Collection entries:

(* The two cylinder sets are in fact equal, so no property of the measure is
   needed.  Every word of C_{j+1} is a concatenation of the words of C_j in
   which each unpermuted word u_i occupies its own slot i.  Moreover the levels
   are recognizable: an occurrence of a C_m-word inside a concatenation of
   C_m-words starts at a block boundary.  For m = 0 this holds because 00 occurs
   only as a prefix; for m + 1 it follows from level m, because every word of
   C_{m+1} begins with the unpermuted word u_1, which is found only in slot 1.
   Hence, in a point of X, an occurrence of the unpermuted word C_1 = u_r sits
   in slot r of some C_{j+1}-word, and the following slots hold the unpermuted
   words u_{r+1}, ..., which are C_2, ..., C_p since C_1 ... C_p is a subword
   of a C_{j+1}-word. *)

Set Implicit Arguments. Unset Strict Implicit. Unset Printing Implicit Defensive.
Local Open Scope classical_set_scope.

Section UniformFlatten.
Variables (T : eqType) (l : nat).
Implicit Types ws : seq (seq T).

Lemma size_flatten_uniform ws :
  {in ws, forall w, size w = l} -> size (flatten ws) = size ws * l.
Proof.
elim: ws => //= w ws IH Hws.
by rewrite size_cat Hws ?mem_head // IH ?mulSn // => v /(mem_behead (s := w :: ws)) /Hws.
Qed.

Lemma drop_flatten_uniform ws t :
  {in ws, forall w, size w = l} -> drop (t * l) (flatten ws) = flatten (drop t ws).
Proof.
elim: ws t => [//|w ws IH] [|t] Hws /=; first by rewrite mul0n drop0.
have Hw := Hws w (mem_head _ _).
rewrite drop_cat Hw mulSn ltnNge leq_addr /= addKn IH // => v hv.
exact: Hws (mem_behead (s := w :: ws) hv).
Qed.

Lemma take_flatten_uniform ws p :
  {in ws, forall w, size w = l} -> take (p * l) (flatten ws) = flatten (take p ws).
Proof.
elim: ws p => [//|w ws IH] [|p] Hws /=; first by rewrite mul0n take0.
have Hw := Hws w (mem_head _ _).
rewrite take_cat Hw mulSn ltnNge leq_addr /= addKn IH // => v hv.
exact: Hws (mem_behead (s := w :: ws) hv).
Qed.

Lemma flatten_uniform_inj (xs ys : seq (seq T)) : 0 < l ->
  {in xs, forall w, size w = l} -> {in ys, forall w, size w = l} ->
  flatten xs = flatten ys -> xs = ys.
Proof.
move=> l_gt0 Hxs Hys Exy; apply: eq_from_flatten_shape => //.
have shapeE ws : {in ws, forall w, size w = l} -> shape ws = nseq (size ws) l.
  move=> Hws; rewrite -(size_map size); by apply/all_pred1P/allP => _ /mapP [w /Hws -> ->] /=.
have /eqP := congr1 size Exy.
rewrite !size_flatten_uniform // eqn_pmul2r // => /eqP sizeE.
by rewrite !shapeE // sizeE.
Qed.

Lemma take_drop_flatten_uniform ws t b n :
  {in ws, forall w, size w = l} -> t < size ws -> b + n <= l ->
  take n (drop (t * l + b) (flatten ws)) = take n (drop b (nth [::] ws t)).
Proof.
move=> Hws ht hbn; have Ht := Hws _ (mem_nth [::] ht).
rewrite addnC -drop_drop drop_flatten_uniform // (drop_nth [::] ht) /= drop_cat Ht.
case: ltnP => hb; first by rewrite takel_cat // size_drop Ht leq_subRL // ltnW.
have -> : n = 0 by lia.
by rewrite !take0.
Qed.

Lemma nth_flatten_uniform ws t c x0 :
  {in ws, forall w, size w = l} -> t < size ws -> c < l ->
  nth x0 (flatten ws) (t * l + c) = nth x0 (nth [::] ws t) c.
Proof.
move=> Hws ht hc; rewrite -nth_drop drop_flatten_uniform // (drop_nth [::] ht) /=.
by rewrite nth_cat (Hws _ (mem_nth _ ht)) hc.
Qed.

End UniformFlatten.

Lemma infix_take_drop (T : eqType) (u w : seq T) :
  infix u w -> exists2 a, take (size u) (drop a w) = u & a + size u <= size w.
Proof.
move/infixP => [s1 [s2 ->]]; exists (size s1); first by rewrite drop_size_cat // take_size_cat.
by rewrite !size_cat leq_add2l leq_addr.
Qed.

Lemma take_prefix_cat (T : Type) (u v w : seq T) :
  take (size (u ++ v)) w = u ++ v -> take (size u) w = u.
Proof.
move=> E; rewrite -(take_takel _ (_ : size u <= size (u ++ v))) ?E ?take_size_cat //.
by rewrite size_cat leq_addr.
Qed.

Lemma size_window (x : int -> bool) a n : size (window x a n) = n.
Proof. by rewrite size_map size_iota. Qed.

Lemma window_take (x : int -> bool) a k n : take k (window x a n) = window x a (minn k n).
Proof. by rewrite /window -map_take take_iota. Qed.

Definition marker_word (l : nat) (w : seq bool) : Prop :=
  [/\ size w = l, take 3 w = [:: false; false; true] &
      forall i : nat, 0 < i -> nth true w i = false -> nth true w i.+1 = false -> False].

Lemma marker_word_prefix l w : marker_word l w ->
  [/\ nth true w 0 = false, nth true w 1 = false & nth true w 2 = true].
Proof. by case=> _ prefix_w _; split; rewrite -(nth_take true (_ : _ < 3)) // prefix_w. Qed.

Lemma marker_word_size l w : marker_word l w -> 3 <= l.
Proof. by case=> <- prefix_w _; move: (congr1 size prefix_w); rewrite size_take_min /=; lia. Qed.

(* A block boundary is the only place where [001] can start. *)
Lemma marker_occurrence_dvd l ws v a : {in ws, forall w, marker_word l w} ->
  marker_word l v -> take l (drop a (flatten ws)) = v -> l %| a.
Proof.
move=> Hws Hv E; have l_ge3 := marker_word_size Hv.
have [v0 v1 v2] := marker_word_prefix Hv.
have Hsz : {in ws, forall w, size w = l} by move=> w /Hws [].
have fit : a + l <= size ws * l.
  rewrite -(size_flatten_uniform Hsz); move: (congr1 size E); case: Hv => -> _ _.
  by rewrite size_take_min size_drop; lia.
have bit i : i < l -> nth true (flatten ws) (a + i) = nth true v i.
  by move=> hi; rewrite -E nth_take // nth_drop.
rewrite /dvdn; apply/eqP; have aE := divn_eq a l.
have l_gt0 : 0 < l by lia.
move: aE (ltn_pmod a l_gt0); set t := a %/ l; set b := a %% l => aE b_lt.
case: (posnP b) => // b_gt0.
have ht : t < size ws by nia.
have [_ _ no00] := Hws _ (mem_nth [::] ht).
case: (ltnP b.+1 l) => hb.
- exfalso; apply: (no00 b b_gt0); rewrite -(nth_flatten_uniform _ Hsz) //.
  + by rewrite -aE -(addn0 a) bit.
  + by rewrite addnS -aE -(addn1 a) bit // ltnW.
- have ht1 : t.+1 < size ws by nia.
  have [_ t1_1 _] := marker_word_prefix (Hws _ (mem_nth [::] ht1)).
  move: v2; rewrite -bit; last exact: (leq_trans _ l_ge3).
  by rewrite (_ : a + 2 = t.+1 * l + 1) ?nth_flatten_uniform ?t1_1 //; nia.
Qed.

Definition permn n (pi : 'S_n) (i : nat) : nat :=
  if (insub i : option 'I_n) is Some o then val (pi o) else i.

Section PermNat.
Variables (n : nat) (pi : 'S_n).

Lemma permn_val (o : 'I_n) : permn pi o = val (pi o).
Proof. by rewrite /permn valK. Qed.

Lemma permn_ord i (hi : i < n) : permn pi i = val (pi (Ordinal hi)).
Proof. exact: (permn_val (Ordinal hi)). Qed.

Lemma permn_lt i : i < n -> permn pi i < n.
Proof. by move=> hi; rewrite (permn_ord hi) ltn_ord. Qed.

Lemma permn_inj i k : i < n -> k < n -> permn pi i = permn pi k -> i = k.
Proof.
move=> hi hk; rewrite (permn_ord hi) (permn_ord hk) => /val_inj/perm_inj.
by move/(congr1 val).
Qed.

End PermNat.

Lemma not_permuted_index1 N : ~ permuted_index N 1.
Proof. case=> [//|[k [k_ge2 [_ k2]]]]; nia. Qed.

Definition fixes_unpermuted N (pi : 'S_N) : Prop :=
  forall i : 'I_N, ~ permuted_index N i.+1 -> pi i = i.

Lemma permn_unpermuted N (pi : 'S_N) i : fixes_unpermuted pi ->
  i < N -> ~ permuted_index N i.+1 -> permn pi i = i.
Proof. by move=> Hpi hi hu; rewrite (permn_ord pi hi) Hpi. Qed.

Section ConcatPerm.
Variables (Cj : seq (seq bool)) (pi : 'S_(size Cj)).

Lemma concat_permE :
  concat_perm Cj pi = flatten [seq nth [::] Cj (permn pi i) | i <- iota 0 (size Cj)].
Proof.
rewrite /concat_perm -val_enum_ord -map_comp; congr flatten.
by apply: eq_map => o /=; rewrite permn_val.
Qed.

Lemma size_concat_perm l : {in Cj, forall w, size w = l} ->
  size (concat_perm Cj pi) = l * size Cj.
Proof.
move=> HCj; rewrite concat_permE (size_flatten_uniform (l := l)) ?size_map ?size_iota 1?mulnC //.
by move=> w /mapP [i]; rewrite mem_iota => /andP [_ hi] ->; rewrite HCj // mem_nth // permn_lt.
Qed.

Lemma take_drop_concat_perm l r p : {in Cj, forall w, size w = l} -> r + p <= size Cj ->
  take (p * l) (drop (r * l) (concat_perm Cj pi)) =
  flatten [seq nth [::] Cj (permn pi i) | i <- iota r p].
Proof.
move=> HCj hrp.
have Hblocks : {in [seq nth [::] Cj (permn pi i) | i <- iota 0 (size Cj)],
                 forall w, size w = l}.
  by move=> w /mapP [i]; rewrite mem_iota => /andP [_ hi] ->; rewrite HCj // mem_nth // permn_lt.
rewrite concat_permE drop_flatten_uniform // take_flatten_uniform; last first.
  by move=> w /mem_drop; apply: Hblocks.
rewrite -map_drop -map_take drop_iota take_iota add0n (minn_idPl _) //; lia.
Qed.

End ConcatPerm.

Lemma concat_perm1 (Cj : seq (seq bool)) : concat_perm Cj 1 = flatten Cj.
Proof.
rewrite concat_permE; congr flatten; rewrite -[RHS](mkseq_nth [::] Cj).
by apply/eq_in_map => i; rewrite mem_iota => /andP [_ hi]; rewrite (permn_ord _ hi) perm1.
Qed.

Section MarkerConstruction.
Variables (s : nat) (C : nat -> seq (seq bool)).
Hypotheses (C0_base : base_level s (C 0)) (C_next : forall j, next_level (C j) (C j.+1)).

Fixpoint level_len m : nat := if m is m'.+1 then level_len m' * size (C m') else s * s.

Lemma mem_level_succ m w : w \in C m.+1 <->
  exists2 pi : 'S_(size (C m)), fixes_unpermuted pi & w = concat_perm (C m) pi.
Proof. by case: (C_next m) => _ _ ->; split=> [[pi []]|[pi]]; exists pi. Qed.

Lemma level_gt0 m : 0 < size (C m).
Proof.
case: m => [|m]; first by case: C0_base => _ [-> _]; rewrite expn_gt0.
have : flatten (C m) \in C m.+1.
  by apply/mem_level_succ; exists 1%g; [move=> i _; rewrite perm1 | rewrite concat_perm1].
by case: (C m.+1).
Qed.

Lemma level_uniq m : uniq (C m).
Proof. by case: m => [|m]; [case: C0_base | case: (C_next m)]. Qed.

Lemma marker_word_level0 w : w \in C 0 -> marker_word (level_len 0) w.
Proof. by case: C0_base => _ [_ HC] /HC. Qed.

Lemma size_level_word m : {in C m, forall w, size w = level_len m}.
Proof.
elim: m => [|m IH] w; first by case/marker_word_level0.
by case/mem_level_succ => pi _ ->; rewrite (size_concat_perm _ IH).
Qed.

Lemma level_len_gt0 m : 0 < level_len m.
Proof.
elim: m => [|m IH]; last by rewrite muln_gt0 IH level_gt0.
exact: leq_trans (marker_word_size (marker_word_level0 (mem_nth [::] (level_gt0 0)))).
Qed.

Lemma leq_level_len m k : m <= k -> level_len m <= level_len k.
Proof.
elim: k => [|k IH]; first by rewrite leqn0 => /eqP ->.
rewrite leq_eqVlt => /orP [/eqP -> //|lt_mk].
by apply: leq_trans (IH lt_mk) _; rewrite /= leq_pmulr // level_gt0.
Qed.

Lemma flatten_level_succ m ws : {subset ws <= C m.+1} ->
  exists2 B, {subset B <= C m} & flatten ws = flatten B.
Proof.
elim: ws => [|w ws IH] Hws /=; first by exists [::].
have [B HB ->] := IH (fun v hv => Hws v (mem_behead (s := w :: ws) hv)).
have /mem_level_succ [pi _ ->] := Hws w (mem_head _ _).
exists ([seq nth [::] (C m) (permn pi i) | i <- iota 0 (size (C m))] ++ B).
  move=> v; rewrite mem_cat => /orP [/mapP [i] | /HB //].
  by rewrite mem_iota => /andP [_ hi] ->; rewrite mem_nth // permn_lt.
by rewrite /= concat_permE flatten_cat.
Qed.

Lemma flatten_level_le m k ws : m <= k -> {subset ws <= C k} ->
  exists2 B, {subset B <= C m} & flatten ws = flatten B.
Proof.
elim: k ws => [|k IH] ws; first by rewrite leqn0 => /eqP -> Hws; exists ws.
rewrite leq_eqVlt => /orP [/eqP -> Hws|lt_mk Hws]; first by exists ws.
by have [B HB ->] := flatten_level_succ Hws; apply: IH.
Qed.

Lemma unpermuted_nth m i : i < size (C m) ->
  unpermuted_in (C m) (nth [::] (C m) i) -> ~ permuted_index (size (C m)) i.+1.
Proof. by move=> hi [_]; rewrite index_uniq ?level_uniq. Qed.

Lemma take_drop_level_succ m ws t r p : {subset ws <= C m.+1} ->
  t < size ws -> r + p <= size (C m) ->
  exists2 pi : 'S_(size (C m)), fixes_unpermuted pi &
    take (p * level_len m) (drop (t * level_len m.+1 + r * level_len m) (flatten ws)) =
    flatten [seq nth [::] (C m) (permn pi i) | i <- iota r p].
Proof.
move=> Hws ht hrp; have /mem_level_succ [pi Hpi Et] := Hws _ (mem_nth [::] ht).
exists pi => //; rewrite take_drop_flatten_uniform //; last by rewrite /= -mulnDl mulnC leq_mul2l hrp orbT.
  by rewrite Et take_drop_concat_perm // => w /size_level_word.
by move=> w /Hws /size_level_word.
Qed.

Lemma unpermuted_occurrence_offset m ws a r : {subset ws <= C m.+1} ->
  r < size (C m) -> ~ permuted_index (size (C m)) r.+1 ->
  level_len m %| a -> take (level_len m) (drop a (flatten ws)) = nth [::] (C m) r ->
  exists2 t, t < size ws & a = t * level_len m.+1 + r * level_len m.
Proof.
set l := level_len m; set N := size (C m) => Hws hr hu /dvdnP [q ->] E.
have qE := divn_eq q N; have r0_lt := ltn_pmod q (level_gt0 m).
move: qE r0_lt; set t := q %/ N; set r0 := q %% N => qE r0_lt; clearbody t r0.
have aE : q * l = t * level_len m.+1 + r0 * l by rewrite {1}qE mulnDl /= mulnAC mulnA.
have Hsz : {in ws, forall w, size w = level_len m.+1} by move=> w /Hws /size_level_word.
have ht : t < size ws.
  have LN_gt0 : 0 < l * N by rewrite muln_gt0 level_len_gt0 level_gt0.
  rewrite -(ltn_pmul2r LN_gt0); move: (congr1 size E) (level_len_gt0 m).
  rewrite size_take_min size_drop (size_flatten_uniform Hsz).
  by rewrite (size_level_word (mem_nth [::] hr)) aE /= -/l -/N; lia.
have r0_fits : r0 + 1 <= N by rewrite addn1.
have [pi Hpi] := take_drop_level_succ Hws ht r0_fits.
rewrite mul1n -aE E /= cats0 => /eqP; rewrite nth_uniq ?level_uniq ?permn_lt // => /eqP Er.
have r0E : r0 = r.
  by apply: (permn_inj (pi := pi)); rewrite // -Er (permn_unpermuted Hpi hr hu).
by exists t; rewrite // -r0E.
Qed.

Lemma take_drop_level_unpermuted m ws t r p : {subset ws <= C m.+1} ->
  t < size ws -> r + p <= size (C m) ->
  (forall i, r <= i < r + p -> ~ permuted_index (size (C m)) i.+1) ->
  take (p * level_len m) (drop (t * level_len m.+1 + r * level_len m) (flatten ws)) =
  flatten [seq nth [::] (C m) i | i <- iota r p].
Proof.
move=> Hws ht hrp hu; have [pi Hpi ->] := take_drop_level_succ Hws ht hrp.
congr flatten; apply/eq_in_map => i; rewrite mem_iota => /andP [r_le_i i_lt].
by rewrite (permn_unpermuted Hpi (leq_trans i_lt hrp)) //; apply: hu; rewrite r_le_i.
Qed.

### How to complete this task
Retype every line up to and including the one that contains "are recognizable: an", beginning at the first line of the records, with no edits.

### Your response
(* The two cylinder sets are in fact equal, so no property of the measure is
   needed.  Every word of C_{j+1} is a concatenation of the words of C_j in
   which each unpermuted word u_i occupies its own slot i.  Moreover the levels
   are recognizable: an occurrence of a C_m-word inside a concatenation of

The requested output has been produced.